Check each line of the records for "case"; collect those that have it.
-------- INFORMATION SHOWN
Lemma root1_red_inj (z w : P) :
  z ^+ p.-1 = 1 -> w ^+ p.-1 = 1 -> red z = red w -> z = w.
Proof.
move=> z1 w1 rzw.
pose S := \sum_(i < p.-1) z ^+ (p.-2 - i) * w ^+ i.
have zwS : (z - w) * S = 0 by rewrite -subrXX z1 w1 subrr.
have redS : red S = (p.-1)%:R * red w ^+ p.-2.
  rewrite rmorph_sum /= (eq_bigr (fun _ => red w ^+ p.-2)).
    by rewrite sumr_const card_ord mulr_natl.
  move=> i _; rewrite rmorphM !rmorphXn /= rzw -exprD subnK //.
  by have := ltn_ord i; lia.
have [|S' S'S] := @red_neq0_invertible S.
  rewrite redS mulf_neq0 ?expf_neq0 ?red_root1_neq0 // Fp_natr_neq0 //.
  by rewrite gtnNdvd //; have := prime_gt1 p_prime; lia.
by apply/eqP; rewrite -subr_eq0 -[z - w]mulr1 -S'S mulrCA zwS mulr0.
Qed.

Lemma teichM (a b : 'F_p) : a != 0 -> b != 0 -> teich (a * b) = teich a * teich b.
Proof.
move=> a0 b0; have ab0 : a * b != 0 by rewrite mulf_neq0.
apply: root1_red_inj; first exact: (teich_spec ab0).1.
  by rewrite exprMn (teich_spec a0).1 (teich_spec b0).1 mulr1.
by rewrite rmorphM /= !red_teich.
Qed.

Lemma teich1 : teich (1 : 'F_p) = 1.
Proof.
apply: root1_red_inj; first exact: (teich_spec (oner_neq0 _)).1.
  by rewrite expr1n.
by rewrite rmorph1 red_teich ?oner_neq0.
Qed.

Hypothesis p_odd : odd p.

Lemma coprime6_shift (A : nat) :
  ~~ (p %| A)%N -> exists j, [/\ (0 < j)%N, ~~ (p %| j)%N & coprime (A + p * j) 6].
Proof.
have co6 n : coprime n 6 = odd n && ~~ (3 %| n)%N.
  by rewrite -[6%N]/(2 * 3)%N coprimeMr coprimen2 coprime_sym prime_coprime.
have small_ndvd j : (0 < j < p)%N -> ~~ (p %| j)%N by case/andP=> j0 jp; rewrite gtnNdvd.
have p_gt1 := prime_gt1 p_prime.
have [p3 | p_neq3] := eqVneq p 3.
  move=> nA; exists (if odd A then 2 else 1)%N; rewrite co6.
  by move: nA; rewrite p3; case: ifP => oA; split; lia.
have p_ndvd3 : ~~ (3 %| p)%N by rewrite dvdn_prime2 // eq_sym.
move=> _; have [oA | eA] := boolP (odd A).
  exists (if 3 %| A + p * 2 then 4 else 2)%N; rewrite co6.
  by case: ifP => ?; split; try apply: small_ndvd; lia.
exists (if 3 %| A + p * 1 then 3 else 1)%N; rewrite co6.
by case: ifP => ?; split; try apply: small_ndvd; lia.
Qed.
----------------
WRITTEN ANSWER →
have small_ndvd j : (0 < j < p)%N -> ~~ (p %| j)%N by case/andP=> j0 jp; rewrite gtnNdvd.
  by move: nA; rewrite p3; case: ifP => oA; split; lia.
  by case: ifP => ?; split; try apply: small_ndvd; lia.
by case: ifP => ?; split; try apply: small_ndvd; lia.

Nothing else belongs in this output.